All underway optical data including imaging flow cytometry will be time-synchronized with the ship’s GPS and thermosalinograph. At sea all data will be visualized in real time to evaluate data quality and instrument stability; data will be stored on a customized raspberry-PI based data logger and backed up onto a separate hard drive. Post-cruise, all continuous optical data will be merged to 1-min averages and submitted to BCO-DMO; Imaging flow cytometry data are sampled at ~20 min intervals; a composite cruise file of all imaged particles and their individual morphometrics and optical properties will be generated and submitted to BCO-DMO.

Sampling effort metadata

Details about sampling methods, locations, and conditions

BCO-DMO: Reitzel

Sequence data will be annotated with essential information for each sample, which will include description of the sample (e.g., location of origin for population, date), method for library generation, and the sequencing method.

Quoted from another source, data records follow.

(* There exists a ring satisfying (NK) if and only if there exists a countably generated $F$-algebra satisfying (NK), where $F=\mathbb Q$ or $F=\mathbb Z_p$ for some prime number $p$. Equivalently, Köthe's Conjecture holds if and only if there is no countably generated $F$-algebra satisfying (NK) with $F=\mathbb Q$ or $F=\mathbb Z_p$, $p$ prime.
   Context: All rings are associative with unit. A right ideal is nil if all its elements are nilpotent. A ring satisfies the condition (NK) if it contains two nil right ideals whose sum is not nil. Köthe's Conjecture (every ring with no non-zero nil two-sided ideal has no non-zero nil one-sided ideal) is known to be equivalent to the statement that no ring satisfies (NK). *)

From HB Require Import structures.
From mathcomp Require Import all_boot all_order all_algebra.
Set Implicit Arguments. Unset Strict Implicit. Unset Printing Implicit Defensive.
Import GRing.Theory.
Local Open Scope ring_scope.

Definition right_ideal (R : pzRingType) (I : R -> Prop) : Prop :=
  [/\ I 0,
      (forall x y, I x -> I y -> I (x - y)) &
      (forall x r, I x -> I (x * r))].

Definition nilpotent_elt (R : pzRingType) (x : R) : Prop :=
  exists n : nat, x ^+ n = 0.

Definition nil_set (R : pzRingType) (I : R -> Prop) : Prop :=
  forall x, I x -> nilpotent_elt x.

Definition NK (R : pzRingType) : Prop :=
  exists I J : R -> Prop,
    [/\ right_ideal I, right_ideal J, nil_set I, nil_set J &
        ~ nil_set (fun z => exists x y, [/\ I x, J y & z = x + y])].

Definition alg_generated_by (F : pzRingType) (A : algType F) (g : nat -> A) : Prop :=
  forall P : A -> Prop,
    P 1 ->
    (forall x y, P x -> P y -> P (x + y)) ->
    (forall (k : F) x, P x -> P (k *: x)) ->
    (forall x y, P x -> P y -> P (x * y)) ->
    (forall n, P (g n)) ->
    forall x, P x.

Definition countably_generated (F : pzRingType) (A : algType F) : Prop :=
  exists g : nat -> A, alg_generated_by g.

From HB Require Import structures.
From mathcomp Require Import all_boot all_order all_algebra finfield.
From mathcomp Require Import generic_quotient boolp classical_sets ring.
Set Implicit Arguments. Unset Strict Implicit. Unset Printing Implicit Defensive.
Import GRing.Theory Num.Theory.
Local Open Scope ring_scope.
Local Open Scope quotient_scope.
Local Open Scope classical_set_scope.

(* Let x, y lie in nil right ideals I, J of R with w = x + y not nilpotent.
   If no power of w is additively torsion, tensor with Q: in the localization
   R[1/n : n > 0] the fractions i/n with i in I (resp. J) still form nil right
   ideals, and w stays non-nilpotent.  Otherwise M w^k = 0 for some M > 0, and a
   descent on M yields a prime p such that no power of w dies in the
   F_p-algebra R_(p) / p R_(p); the images of I and J are then nil right ideals
   of that quotient with non-nilpotent sum.  In either case the subalgebra
   generated by the images of x and y is countably generated and satisfies (NK). *)

(** * Rings presented up to a congruence *)

Record congr_ring (T : choiceType) := CongrRing {
  cr_rel : T -> T -> Prop;
  cr_zero : T; cr_one : T;
  cr_opp : T -> T; cr_add : T -> T -> T; cr_mul : T -> T -> T;
  cr_refl : forall x, cr_rel x x;
  cr_sym : forall x y, cr_rel x y -> cr_rel y x;
  cr_trans : forall x y z, cr_rel x y -> cr_rel y z -> cr_rel x z;
  cr_opp_congr : forall x x', cr_rel x x' -> cr_rel (cr_opp x) (cr_opp x');
  cr_add_congr : forall x x' y y', cr_rel x x' -> cr_rel y y' ->
    cr_rel (cr_add x y) (cr_add x' y');
  cr_mul_congr : forall x x' y y', cr_rel x x' -> cr_rel y y' ->
    cr_rel (cr_mul x y) (cr_mul x' y');
  cr_addA : forall x y z, cr_rel (cr_add x (cr_add y z)) (cr_add (cr_add x y) z);
  cr_addC : forall x y, cr_rel (cr_add x y) (cr_add y x);
  cr_add0 : forall x, cr_rel (cr_add cr_zero x) x;
  cr_addN : forall x, cr_rel (cr_add (cr_opp x) x) cr_zero;
  cr_mulA : forall x y z, cr_rel (cr_mul x (cr_mul y z)) (cr_mul (cr_mul x y) z);
  cr_mul1l : forall x, cr_rel (cr_mul cr_one x) x;
  cr_mul1r : forall x, cr_rel (cr_mul x cr_one) x;
  cr_mulDl : forall x y z,
    cr_rel (cr_mul (cr_add x y) z) (cr_add (cr_mul x z) (cr_mul y z));
  cr_mulDr : forall x y z,
    cr_rel (cr_mul x (cr_add y z)) (cr_add (cr_mul x y) (cr_mul x z));
  cr_one_neq0 : ~ cr_rel cr_one cr_zero
}.

Section QuotientRing.
Variables (T : choiceType) (C : congr_ring T).
Local Notation rel := (cr_rel C).

Definition cr_equiv x y := `[< rel x y >].

Lemma cr_equiv_class : equiv_class_of cr_equiv.
Proof.
split=> [x | x y | y x z]; rewrite /cr_equiv.
- exact/asboolT/cr_refl.
- by apply/asboolP/asboolP => /cr_sym.
- by move=> /asboolP hxy /asboolP hyz; apply/asboolT/(cr_trans hxy).
Qed.

Canonical cr_equiv_rel := EquivRelPack cr_equiv_class.

Definition quot_ring := {eq_quot cr_equiv_rel}.
HB.instance Definition _ := Choice.on quot_ring.

Definition quot_pi (x : T) : quot_ring := \pi x.
Local Notation pi := quot_pi.

Lemma pi_eqP x y : pi x = pi y <-> rel x y.
Proof.
rewrite /cr_equiv /quot_pi; split=> [h | /asboolT h].
  by apply/asboolP; have /eqmodP := h.
by apply/eqmodP.
Qed.

Lemma quot_ringW (P : quot_ring -> Prop) : (forall x, P (pi x)) -> forall a, P a.
Proof. by move=> h a; have := h (repr a); rewrite /quot_pi reprK. Qed.

Lemma pi_repr x : rel (repr (pi x)) x.
Proof. by apply/pi_eqP; rewrite /quot_pi reprK. Qed.

Definition qzero := pi (cr_zero C).
Definition qone := pi (cr_one C).
Definition qopp (a : quot_ring) := pi (cr_opp C (repr a)).
Definition qadd (a b : quot_ring) := pi (cr_add C (repr a) (repr b)).
Definition qmul (a b : quot_ring) := pi (cr_mul C (repr a) (repr b)).

Lemma pi_opp x : pi (cr_opp C x) = qopp (pi x).
Proof. by apply/pi_eqP/cr_opp_congr/cr_sym/pi_repr. Qed.

Lemma pi_add x y : pi (cr_add C x y) = qadd (pi x) (pi y).
Proof. by apply/pi_eqP/cr_add_congr; apply/cr_sym/pi_repr. Qed.

Lemma pi_mul x y : pi (cr_mul C x y) = qmul (pi x) (pi y).
Proof. by apply/pi_eqP/cr_mul_congr; apply/cr_sym/pi_repr. Qed.

Lemma qaddA : associative qadd.
Proof. by do 3!elim/quot_ringW=> ?; rewrite -!pi_add; apply/pi_eqP; apply: cr_addA. Qed.

Lemma qaddC : commutative qadd.
Proof. by do 2!elim/quot_ringW=> ?; rewrite -!pi_add; apply/pi_eqP; apply: cr_addC. Qed.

These data tags for description will be included with data submitted to SRA and BCO-DMO. Nucleic acids extracted from collected animals will be labeled with precise site of origin (latitude, longitude), date of collection, and species and archived in the Reitzel and Burt laboratories. Field temperature data will be stored in flat ASCII files, which can be read easily by different software packages. Field data will include date, time, latitude, longitude, and temperature, as appropriate.